**ASSIGNED TASK**
All that is needed is each line of the entries holding the word "intro", copied as it stands.

**TASK INPUT**
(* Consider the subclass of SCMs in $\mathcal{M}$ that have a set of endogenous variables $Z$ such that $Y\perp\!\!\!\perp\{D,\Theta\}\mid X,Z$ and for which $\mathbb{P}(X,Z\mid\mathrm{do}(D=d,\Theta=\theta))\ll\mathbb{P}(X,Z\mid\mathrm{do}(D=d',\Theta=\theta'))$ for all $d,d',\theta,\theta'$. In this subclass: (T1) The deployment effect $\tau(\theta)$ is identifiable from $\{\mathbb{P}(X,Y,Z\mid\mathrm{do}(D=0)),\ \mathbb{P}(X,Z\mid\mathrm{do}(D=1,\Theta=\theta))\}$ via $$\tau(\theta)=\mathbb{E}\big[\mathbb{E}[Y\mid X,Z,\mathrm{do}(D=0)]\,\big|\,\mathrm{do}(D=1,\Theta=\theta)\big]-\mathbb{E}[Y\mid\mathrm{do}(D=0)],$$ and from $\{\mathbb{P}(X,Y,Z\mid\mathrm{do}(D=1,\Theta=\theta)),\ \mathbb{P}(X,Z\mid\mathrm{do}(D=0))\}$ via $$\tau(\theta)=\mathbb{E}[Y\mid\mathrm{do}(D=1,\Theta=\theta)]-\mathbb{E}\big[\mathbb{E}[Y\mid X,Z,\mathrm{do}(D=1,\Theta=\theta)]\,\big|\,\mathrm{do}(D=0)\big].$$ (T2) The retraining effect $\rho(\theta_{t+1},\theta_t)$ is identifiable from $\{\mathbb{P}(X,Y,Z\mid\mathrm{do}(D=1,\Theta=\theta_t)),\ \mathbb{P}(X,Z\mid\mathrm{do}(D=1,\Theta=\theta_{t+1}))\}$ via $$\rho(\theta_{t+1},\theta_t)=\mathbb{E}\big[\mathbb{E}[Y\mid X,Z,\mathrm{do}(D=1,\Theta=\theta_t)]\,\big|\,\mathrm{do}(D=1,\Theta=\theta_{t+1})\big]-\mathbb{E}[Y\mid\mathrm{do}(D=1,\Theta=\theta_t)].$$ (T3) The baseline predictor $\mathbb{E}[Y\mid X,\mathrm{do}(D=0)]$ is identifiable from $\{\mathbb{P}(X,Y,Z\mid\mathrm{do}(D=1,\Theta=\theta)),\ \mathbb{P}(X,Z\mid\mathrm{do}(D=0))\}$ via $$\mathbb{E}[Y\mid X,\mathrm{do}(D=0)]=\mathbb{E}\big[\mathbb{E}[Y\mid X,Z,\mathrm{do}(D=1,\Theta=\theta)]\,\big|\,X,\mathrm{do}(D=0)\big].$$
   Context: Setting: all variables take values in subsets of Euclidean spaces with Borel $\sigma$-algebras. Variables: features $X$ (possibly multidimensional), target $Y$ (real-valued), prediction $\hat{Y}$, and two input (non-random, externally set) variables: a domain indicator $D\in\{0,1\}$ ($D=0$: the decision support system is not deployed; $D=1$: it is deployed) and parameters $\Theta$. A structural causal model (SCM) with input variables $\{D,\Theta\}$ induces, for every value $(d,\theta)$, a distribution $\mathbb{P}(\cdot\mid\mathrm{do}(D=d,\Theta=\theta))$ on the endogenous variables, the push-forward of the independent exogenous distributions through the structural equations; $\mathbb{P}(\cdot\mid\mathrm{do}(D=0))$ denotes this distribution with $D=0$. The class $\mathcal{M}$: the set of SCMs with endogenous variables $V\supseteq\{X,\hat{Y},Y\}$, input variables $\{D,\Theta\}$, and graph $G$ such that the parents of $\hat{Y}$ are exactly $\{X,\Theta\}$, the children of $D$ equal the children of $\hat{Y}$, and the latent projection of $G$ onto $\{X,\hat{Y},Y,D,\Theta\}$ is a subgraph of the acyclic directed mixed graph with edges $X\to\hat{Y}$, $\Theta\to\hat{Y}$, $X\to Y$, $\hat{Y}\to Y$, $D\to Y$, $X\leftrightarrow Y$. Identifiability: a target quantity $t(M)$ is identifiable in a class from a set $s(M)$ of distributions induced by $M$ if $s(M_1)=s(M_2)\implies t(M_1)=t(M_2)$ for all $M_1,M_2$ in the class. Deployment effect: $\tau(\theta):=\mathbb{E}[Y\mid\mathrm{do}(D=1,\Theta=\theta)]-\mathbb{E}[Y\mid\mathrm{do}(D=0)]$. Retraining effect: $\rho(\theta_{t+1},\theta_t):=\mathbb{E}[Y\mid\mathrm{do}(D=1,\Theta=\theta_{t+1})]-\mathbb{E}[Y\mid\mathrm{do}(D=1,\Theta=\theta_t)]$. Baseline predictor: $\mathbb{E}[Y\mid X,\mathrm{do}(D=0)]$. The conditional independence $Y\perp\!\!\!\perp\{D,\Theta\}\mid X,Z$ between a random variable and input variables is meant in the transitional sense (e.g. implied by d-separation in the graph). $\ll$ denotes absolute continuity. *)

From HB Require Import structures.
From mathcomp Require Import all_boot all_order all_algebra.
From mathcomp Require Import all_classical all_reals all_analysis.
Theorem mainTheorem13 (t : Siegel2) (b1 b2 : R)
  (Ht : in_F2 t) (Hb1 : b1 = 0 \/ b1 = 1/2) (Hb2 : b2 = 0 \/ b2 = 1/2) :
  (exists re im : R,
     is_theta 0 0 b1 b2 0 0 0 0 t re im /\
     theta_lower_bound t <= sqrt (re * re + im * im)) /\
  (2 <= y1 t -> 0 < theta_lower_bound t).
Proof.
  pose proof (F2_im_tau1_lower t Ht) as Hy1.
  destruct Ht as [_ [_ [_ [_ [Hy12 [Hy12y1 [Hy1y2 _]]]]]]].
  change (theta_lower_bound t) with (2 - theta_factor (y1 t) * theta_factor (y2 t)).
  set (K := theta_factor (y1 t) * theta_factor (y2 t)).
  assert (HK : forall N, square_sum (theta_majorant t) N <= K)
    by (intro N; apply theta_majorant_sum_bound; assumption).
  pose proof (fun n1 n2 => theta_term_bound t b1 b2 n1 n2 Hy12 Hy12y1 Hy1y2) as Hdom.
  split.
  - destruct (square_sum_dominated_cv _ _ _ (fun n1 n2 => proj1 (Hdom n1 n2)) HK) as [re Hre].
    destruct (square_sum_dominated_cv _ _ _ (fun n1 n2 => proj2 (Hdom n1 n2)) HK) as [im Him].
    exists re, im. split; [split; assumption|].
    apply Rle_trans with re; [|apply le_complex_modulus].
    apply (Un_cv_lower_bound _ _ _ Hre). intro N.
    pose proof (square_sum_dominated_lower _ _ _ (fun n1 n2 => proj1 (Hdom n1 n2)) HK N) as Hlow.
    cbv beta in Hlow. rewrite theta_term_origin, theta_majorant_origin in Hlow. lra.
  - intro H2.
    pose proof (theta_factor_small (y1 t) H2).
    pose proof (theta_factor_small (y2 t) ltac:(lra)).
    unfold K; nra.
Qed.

**RESPONSE BELOW**
    by (intro N; apply theta_majorant_sum_bound; assumption).
    apply (Un_cv_lower_bound _ _ _ Hre). intro N.
  - intro H2.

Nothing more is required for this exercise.